1. Why does the media insist on making Israel the aggressor every chance it gets? Hamas fired a rocket at Israel late last week and Israel responded with an airstrike. But Reuters still gives Israel the central role in the headline to its coverage:

Israel bombs

 

2. Palestinians are under pressure to delay any vote on their resolution to the UN Security Council.

There are those in the UN pushing to postpone the vote at least until the beginning of 2015 when the makeup of the Security Council will change. Still others, especially the United States, are requesting a far longer postponement until after the elections in Israel on March 17, 2015, since such a step could strengthen the Israeli right, the official said.

Meanwhile, political commentator Aaron David Miller gets space in the Daily Beast to express what everyone already knows about the peace process.

In case you haven’t noticed, there is no credible peace process and hasn’t been for at least a decade and a half, and no chance of promoting one right now.. Sure you’ve had various Israeli-Palestinian bilateral talks and US brokered efforts to get talks going and even to develop proposals to bridge gaps. But none of these, including the Camp David summit of July 2000, not to mention John Kerry’s most recent efforts in 2013, ever got close enough to be considered even a “close but no cigar” outcome. The gaps on the big issues are just too large, the mistrust between Israelis and Palestinians too deep, and the current leaders far too constrained for a successful outcome.

3.  U.S. to EU: Keep Hamas on list of terrorist organizations. EU foreign policy chief Federica Mogherini agrees.

Israel and the Palestinians

• Perhaps the opening photo of a concrete portion of Israel’s security barrier should have been a clue about what was to follow. New York Times staff editorial looks at the dwindling hopes for a two-state solution from a largely Palestinian perspective. When will the Times run an op-ed lamenting the dwindling hopes of Israelis living in peace and security with their neighbors?

• The two-state solution was also high on the list of concerns for New York Times columnist Roger Cohen who gives his nod to Labor leader Yitzhak Herzog for the coming election, accompanied by the usual alarmist rhetoric of what might happen if Herzog doesn’t win:

The two-state idea is alive but ever more tenuous.

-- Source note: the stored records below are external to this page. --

Lemma sum_residue_hit_last (f : nat -> nat) a k : coprime a m.+1 ->
  (forall i, f i = a * i + k) -> \sum_(i < m) hit (f i) + hit (f m) = 1.
Proof.
by move=> a_m fE; rewrite -(sum_residue_hit_affine s_lt a_m fE) big_ord_recr.
Qed.

Lemma residue_sums_succ :
  [/\ triple_sum m hit + m = m * m + 1, double_sum m hit + 1 = m
    & coprime 3 m.+1 -> diag_sum m hit = 1].
Proof.
have two_m : coprime 2 m.+1 by rewrite coprime2n.
have last_c (k : nat) : \sum_(c < m) hit (k + c) + hit (k + m) = 1.
  by apply: (@sum_residue_hit_last (addn k) 1 k (coprime1n _)) => c; lia.
have pairs_m :
    \sum_(i < m) \sum_(j < m) hit (i + j + m) + \sum_(i < m) hit (i + m + m) = m * 1.
  apply: sum_add_const => i.
  by apply: (@sum_residue_hit_last (fun j => i + j + m) 1 (i + m) (coprime1n _)) => j; lia.
have single_mm : \sum_(i < m) hit (i + m + m) + hit (m + m + m) = 1.
  by apply: (@sum_residue_hit_last (fun i => i + m + m) 1 (m + m) (coprime1n _)) => i; lia.
have double_m : \sum_(i < m) hit (i + i + m) + hit (m + m + m) = 1.
  by apply: (@sum_residue_hit_last (fun i => i + i + m) 2 m two_m) => i; lia.
split=> [||three_m].
- have : triple_sum m hit + \sum_(i < m) \sum_(j < m) hit (i + j + m) = m * m.
    apply: sum_add_const => i; rewrite -big_split /= -[RHS]muln1; apply: sum_ord_const => j.
    exact: last_c.
  by lia.
- have : double_sum m hit + \sum_(i < m) hit (i + i + m) = m * 1.
    by apply: sum_add_const => i; apply: last_c.
  by lia.
- have := @sum_residue_hit_last (fun i => i + i + i) 3 0 three_m.
  by rewrite /diag_sum hit_3m addn0 => ->// i; lia.
Qed.

End ResidueSumsSucc.

Lemma card_residue_class m n s :
  6 * #|residue_class m n s| =
  triple_sum m (residue_hit n s) + 3 * double_sum m (residue_hit n s)
  + 2 * diag_sum m (residue_hit n s).
Proof. by rewrite -sum_multiplicity_weight (card_weight_class m (fun w => w %% n == s)). Qed.

Lemma card_residue_class_odd m : odd m ->
  6 * #|residue_class m m (3 %| m)| = m * (m + 3) + 2 * ~~ (3 %| m).
Proof.
move=> m_odd; have s_lt_m : (3 %| m) < m by lia.
have [triple double diag] := residue_sums_eq s_lt_m.
rewrite card_residue_class triple double.
case: (boolP (3 %| m)) s_lt_m diag => three_m s_lt_m diag.
  by rewrite (diag_sum_residue_dvd3 m three_m); nia.
by rewrite diag ?prime_coprime //; nia.
Qed.

Lemma residue_hit_triple_last m : 0 < m -> ~~ odd m ->
  residue_hit m.+1 (3 %| m.+1) (m + m + m) = 0.
Proof.
move=> m_gt0 m_even; have m_ge2 : 2 <= m by case: m m_gt0 m_even => [|[]].
rewrite /residue_hit (_ : m + m + m = 2 * m.+1 + (m - 2)); last by lia.
rewrite modnMDl modn_small; last by lia.
by apply/eqP; rewrite eqb0; apply/eqP; lia.
Qed.

Lemma card_residue_class_even m : 0 < m -> ~~ odd m ->
  6 * #|residue_class m m.+1 (3 %| m.+1)| + 2 = m * (m + 2) + 2 * ~~ (3 %| m.+1).
Proof.
move=> m_gt0 m_even; have s_lt : (3 %| m.+1) < m.+1 by lia.
have [triple double diag] :=
  residue_sums_succ s_lt m_even (residue_hit_triple_last m_gt0 m_even).
rewrite card_residue_class.
case: (boolP (3 %| m.+1)) s_lt triple double diag => three_m s_lt triple double diag.
  by rewrite (diag_sum_residue_dvd3 m three_m); nia.
by rewrite diag ?prime_coprime //; nia.
Qed.

Lemma SRalpha_eq_card m n (T : {set {ffun 'I_m -> 'I_n.+1}}) : SRindependent T ->
  (forall S : {set {ffun 'I_m -> 'I_n.+1}}, SRindependent S -> #|S| <= #|T|) ->
  SRalpha m n = #|T|.
Proof.
move=> T_indep T_max; apply/eqP; rewrite eqn_leq.
rewrite (leq_bigmax_cond (P := @SRindependent m n) (F := fun S => #|S|) T T_indep) andbT.
exact/bigmax_leqP.
Qed.

Lemma SRalpha_odd m : odd m -> 6 * SRalpha m 3 = m * (m + 3) + 2 * ~~ (3 %| m).
Proof.
move=> m_odd; have T_indep : SRindependent (residue_class m m (3 %| m)).
  by apply: residue_class_indep => //; case: (boolP (3 %| m)); [right | left; rewrite prime_coprime].
rewrite (SRalpha_eq_card T_indep) ?card_residue_class_odd // => S S_indep.
have := indep_card_bound S_indep; have := card_residue_class_odd m_odd; rewrite m_odd.
by set M := m * _; set T := residue_class _ _ _; lia.
Qed.

Lemma SRalpha_even m : 0 < m -> ~~ odd m ->
  6 * SRalpha m 3 + 2 = m * (m + 2) + 2 * ~~ (3 %| m.+1).
Proof.
move=> m_gt0 m_even; have T_indep : SRindependent (residue_class m m.+1 (3 %| m.+1)).
  by apply: residue_class_indep => //; case: (boolP (3 %| m.+1)); [right | left; rewrite prime_coprime].
rewrite (SRalpha_eq_card T_indep) ?card_residue_class_even // => S S_indep.
have := indep_card_bound S_indep; have := card_residue_class_even m_gt0 m_even.
by rewrite (negbTE m_even) addn0; set M := m * _; set T := residue_class _ _ _; lia.
Qed.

It is compatible with an Israel true to its founding principles. It is incompatible with an Israel bent on Jewish supremacy and annexation of all or most of the land between the Mediterranean Sea and the Jordan River. It can be resurrected, because there is no plausible alternative, despite the fact that almost a half-century of dominion over another people has produced ever greater damage, distrust and division. It can be buried only at the expense of Israel as a Jewish and democratic state, for no democracy can indefinitely control the lives of millions of disenfranchised people — and that is what many Palestinians are.

The Rest of the Roundup

• Palestinian sources told Israeli media that Hamas is diverting cement and other building supplies away from Gaza reconstruction projects and using it to reconstruct its tunnels instead. Meanwhile, the Times of Israel reports that Hamas has learned some important lessons from the summer war.

According to the reports, Hamas has acknowledged the limited efficacy of its mid- and longer-range rockets, many of which were shot down by Israel’s Iron Dome defense system during the war, inflicting very limited civilian casualties. Meanwhile, Hamas has recognized the deadliness of mortar shells, which fall short of Iron Dome’s range.

• Harvard Provost speaks out against the boycott against SodaStream launched by the Harvard University Diving Services. “Harvard University’s procurement decisions should not and will not be driven by individuals’ views of highly contested matters of political controversy,” he said in an email. His comments, however, came too late to pre-empt a harsh critique of the university by one of its superstar professors, Steven Pinker. Join HR’s Fighting BDS Facebook page to fight Israel’s delegitimization in the media.

Image: CC BY-NC-SA flickr/Ross Pollack

For more, see yesterday’s Israel Daily News Stream and join the IDNS on Facebook.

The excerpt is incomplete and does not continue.